### Your assignment:
Find the lines below that contain "unit" and tally them. Return only the total.

Collected data
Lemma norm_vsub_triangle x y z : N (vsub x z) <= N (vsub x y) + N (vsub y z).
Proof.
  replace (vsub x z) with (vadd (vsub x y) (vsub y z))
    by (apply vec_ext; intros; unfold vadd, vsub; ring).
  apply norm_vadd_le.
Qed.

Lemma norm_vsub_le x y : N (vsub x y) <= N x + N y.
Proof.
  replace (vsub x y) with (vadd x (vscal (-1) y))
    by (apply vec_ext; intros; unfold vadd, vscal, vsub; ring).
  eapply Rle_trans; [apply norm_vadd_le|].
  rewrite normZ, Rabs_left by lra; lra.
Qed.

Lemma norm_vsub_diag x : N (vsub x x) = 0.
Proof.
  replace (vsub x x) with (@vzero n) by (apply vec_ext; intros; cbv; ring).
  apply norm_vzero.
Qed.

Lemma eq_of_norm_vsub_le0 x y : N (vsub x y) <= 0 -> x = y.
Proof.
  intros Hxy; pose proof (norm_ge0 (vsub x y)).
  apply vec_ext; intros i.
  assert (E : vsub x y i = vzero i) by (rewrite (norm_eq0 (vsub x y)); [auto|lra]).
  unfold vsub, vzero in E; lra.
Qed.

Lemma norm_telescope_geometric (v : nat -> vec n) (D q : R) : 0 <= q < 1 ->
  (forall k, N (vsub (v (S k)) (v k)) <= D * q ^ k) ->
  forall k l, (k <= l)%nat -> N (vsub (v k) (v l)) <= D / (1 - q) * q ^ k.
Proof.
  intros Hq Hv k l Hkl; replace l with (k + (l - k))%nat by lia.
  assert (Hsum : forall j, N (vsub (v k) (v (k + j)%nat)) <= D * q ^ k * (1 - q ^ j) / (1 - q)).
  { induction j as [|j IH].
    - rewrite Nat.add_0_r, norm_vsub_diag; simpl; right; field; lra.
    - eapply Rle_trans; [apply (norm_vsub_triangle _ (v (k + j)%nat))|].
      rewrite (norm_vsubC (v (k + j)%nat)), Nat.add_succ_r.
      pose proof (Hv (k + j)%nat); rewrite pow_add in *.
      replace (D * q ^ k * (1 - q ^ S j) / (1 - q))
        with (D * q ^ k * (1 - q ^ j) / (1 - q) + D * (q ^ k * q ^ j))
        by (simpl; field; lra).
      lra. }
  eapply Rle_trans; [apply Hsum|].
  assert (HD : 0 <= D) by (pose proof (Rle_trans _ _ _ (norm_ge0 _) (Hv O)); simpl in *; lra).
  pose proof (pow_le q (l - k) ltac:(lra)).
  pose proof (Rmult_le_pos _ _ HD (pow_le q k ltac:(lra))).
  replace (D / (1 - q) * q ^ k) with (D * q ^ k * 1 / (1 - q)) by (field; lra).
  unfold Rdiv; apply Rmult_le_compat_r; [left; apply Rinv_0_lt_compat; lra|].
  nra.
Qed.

---

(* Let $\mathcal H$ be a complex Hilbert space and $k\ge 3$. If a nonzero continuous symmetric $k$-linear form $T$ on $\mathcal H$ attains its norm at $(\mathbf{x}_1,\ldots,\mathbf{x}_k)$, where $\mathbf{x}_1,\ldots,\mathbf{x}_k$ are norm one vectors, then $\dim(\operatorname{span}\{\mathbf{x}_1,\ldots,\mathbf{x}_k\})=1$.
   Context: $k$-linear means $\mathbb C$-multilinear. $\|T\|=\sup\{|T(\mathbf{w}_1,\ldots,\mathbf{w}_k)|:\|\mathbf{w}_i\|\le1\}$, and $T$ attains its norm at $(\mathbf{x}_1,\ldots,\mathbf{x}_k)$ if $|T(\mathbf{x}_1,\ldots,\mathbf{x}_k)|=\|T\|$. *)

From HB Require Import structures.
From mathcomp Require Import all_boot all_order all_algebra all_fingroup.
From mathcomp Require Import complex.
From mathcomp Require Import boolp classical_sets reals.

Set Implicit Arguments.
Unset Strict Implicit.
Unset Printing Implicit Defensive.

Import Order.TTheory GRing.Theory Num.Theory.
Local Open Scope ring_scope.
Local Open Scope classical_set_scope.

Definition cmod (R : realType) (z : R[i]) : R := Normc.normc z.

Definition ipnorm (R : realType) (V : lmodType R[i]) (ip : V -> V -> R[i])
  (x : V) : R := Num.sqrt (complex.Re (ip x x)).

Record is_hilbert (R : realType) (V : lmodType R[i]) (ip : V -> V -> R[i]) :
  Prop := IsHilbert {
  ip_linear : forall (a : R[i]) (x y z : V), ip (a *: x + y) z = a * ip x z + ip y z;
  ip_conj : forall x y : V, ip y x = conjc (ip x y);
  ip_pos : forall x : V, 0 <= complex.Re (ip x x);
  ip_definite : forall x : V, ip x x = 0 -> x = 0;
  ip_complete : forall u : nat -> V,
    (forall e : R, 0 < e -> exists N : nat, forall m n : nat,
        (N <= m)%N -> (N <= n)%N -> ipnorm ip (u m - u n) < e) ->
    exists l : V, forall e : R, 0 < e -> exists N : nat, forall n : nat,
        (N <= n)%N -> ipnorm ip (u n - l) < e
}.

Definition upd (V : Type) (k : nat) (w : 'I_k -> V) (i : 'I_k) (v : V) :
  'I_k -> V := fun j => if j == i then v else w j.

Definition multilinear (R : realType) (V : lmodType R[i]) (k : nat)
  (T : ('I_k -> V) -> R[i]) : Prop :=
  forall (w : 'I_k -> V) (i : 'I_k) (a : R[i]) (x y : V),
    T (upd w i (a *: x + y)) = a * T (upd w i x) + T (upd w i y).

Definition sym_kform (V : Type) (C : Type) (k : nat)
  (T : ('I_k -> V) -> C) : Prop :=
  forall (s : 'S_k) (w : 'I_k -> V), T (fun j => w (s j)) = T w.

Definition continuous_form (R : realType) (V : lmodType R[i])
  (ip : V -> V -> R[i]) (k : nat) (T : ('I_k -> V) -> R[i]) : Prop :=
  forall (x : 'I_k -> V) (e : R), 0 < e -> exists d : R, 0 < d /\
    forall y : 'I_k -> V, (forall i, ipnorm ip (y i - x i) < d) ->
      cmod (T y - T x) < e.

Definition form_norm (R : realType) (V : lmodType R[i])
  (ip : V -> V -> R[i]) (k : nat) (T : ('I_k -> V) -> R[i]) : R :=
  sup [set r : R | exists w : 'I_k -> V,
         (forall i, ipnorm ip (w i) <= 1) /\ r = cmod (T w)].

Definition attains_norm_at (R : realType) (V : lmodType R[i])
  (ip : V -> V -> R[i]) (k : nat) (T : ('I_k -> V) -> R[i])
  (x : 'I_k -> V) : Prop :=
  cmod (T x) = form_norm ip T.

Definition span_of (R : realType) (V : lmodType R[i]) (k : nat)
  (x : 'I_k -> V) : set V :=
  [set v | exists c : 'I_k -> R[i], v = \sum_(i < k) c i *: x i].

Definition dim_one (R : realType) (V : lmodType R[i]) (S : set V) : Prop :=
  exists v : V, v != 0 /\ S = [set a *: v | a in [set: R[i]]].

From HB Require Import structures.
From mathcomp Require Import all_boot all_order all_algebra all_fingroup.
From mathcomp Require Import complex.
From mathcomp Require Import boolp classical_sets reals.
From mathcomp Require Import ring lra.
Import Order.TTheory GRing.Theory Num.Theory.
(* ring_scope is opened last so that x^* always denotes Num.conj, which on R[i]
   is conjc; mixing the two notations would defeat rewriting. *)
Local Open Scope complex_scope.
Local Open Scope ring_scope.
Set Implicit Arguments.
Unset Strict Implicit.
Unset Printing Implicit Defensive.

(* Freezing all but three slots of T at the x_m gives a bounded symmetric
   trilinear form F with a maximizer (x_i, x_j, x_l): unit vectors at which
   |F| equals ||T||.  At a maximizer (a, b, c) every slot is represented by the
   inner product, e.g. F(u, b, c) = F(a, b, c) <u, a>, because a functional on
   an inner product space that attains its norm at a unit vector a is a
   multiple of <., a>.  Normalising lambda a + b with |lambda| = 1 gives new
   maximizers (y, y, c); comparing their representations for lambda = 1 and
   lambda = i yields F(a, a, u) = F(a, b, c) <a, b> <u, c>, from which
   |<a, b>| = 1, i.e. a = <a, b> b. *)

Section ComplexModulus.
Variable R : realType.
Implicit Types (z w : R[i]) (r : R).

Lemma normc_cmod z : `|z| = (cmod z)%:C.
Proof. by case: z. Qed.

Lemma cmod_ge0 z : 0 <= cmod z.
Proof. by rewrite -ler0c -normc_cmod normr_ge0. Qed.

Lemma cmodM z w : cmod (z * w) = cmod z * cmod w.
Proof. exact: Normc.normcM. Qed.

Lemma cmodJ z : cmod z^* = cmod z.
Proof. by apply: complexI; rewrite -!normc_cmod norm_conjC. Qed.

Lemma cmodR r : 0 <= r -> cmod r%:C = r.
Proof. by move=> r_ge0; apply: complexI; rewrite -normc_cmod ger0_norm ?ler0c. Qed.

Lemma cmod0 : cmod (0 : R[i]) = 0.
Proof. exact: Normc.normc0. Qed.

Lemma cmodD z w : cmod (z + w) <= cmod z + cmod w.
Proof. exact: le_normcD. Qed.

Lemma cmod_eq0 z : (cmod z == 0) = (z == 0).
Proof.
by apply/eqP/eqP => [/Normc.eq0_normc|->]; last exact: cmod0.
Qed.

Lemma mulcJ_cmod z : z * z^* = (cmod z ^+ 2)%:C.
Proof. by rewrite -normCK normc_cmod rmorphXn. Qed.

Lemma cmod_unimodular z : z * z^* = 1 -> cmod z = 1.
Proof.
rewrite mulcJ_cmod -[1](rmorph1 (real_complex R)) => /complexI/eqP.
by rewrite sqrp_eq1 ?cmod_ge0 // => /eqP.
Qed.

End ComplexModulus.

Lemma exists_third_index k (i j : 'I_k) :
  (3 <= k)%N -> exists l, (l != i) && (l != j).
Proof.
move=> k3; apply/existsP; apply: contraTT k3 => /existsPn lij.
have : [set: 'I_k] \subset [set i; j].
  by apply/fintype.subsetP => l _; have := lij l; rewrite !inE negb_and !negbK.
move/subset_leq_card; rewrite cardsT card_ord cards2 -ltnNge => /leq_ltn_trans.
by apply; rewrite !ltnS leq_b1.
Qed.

### The answer:
2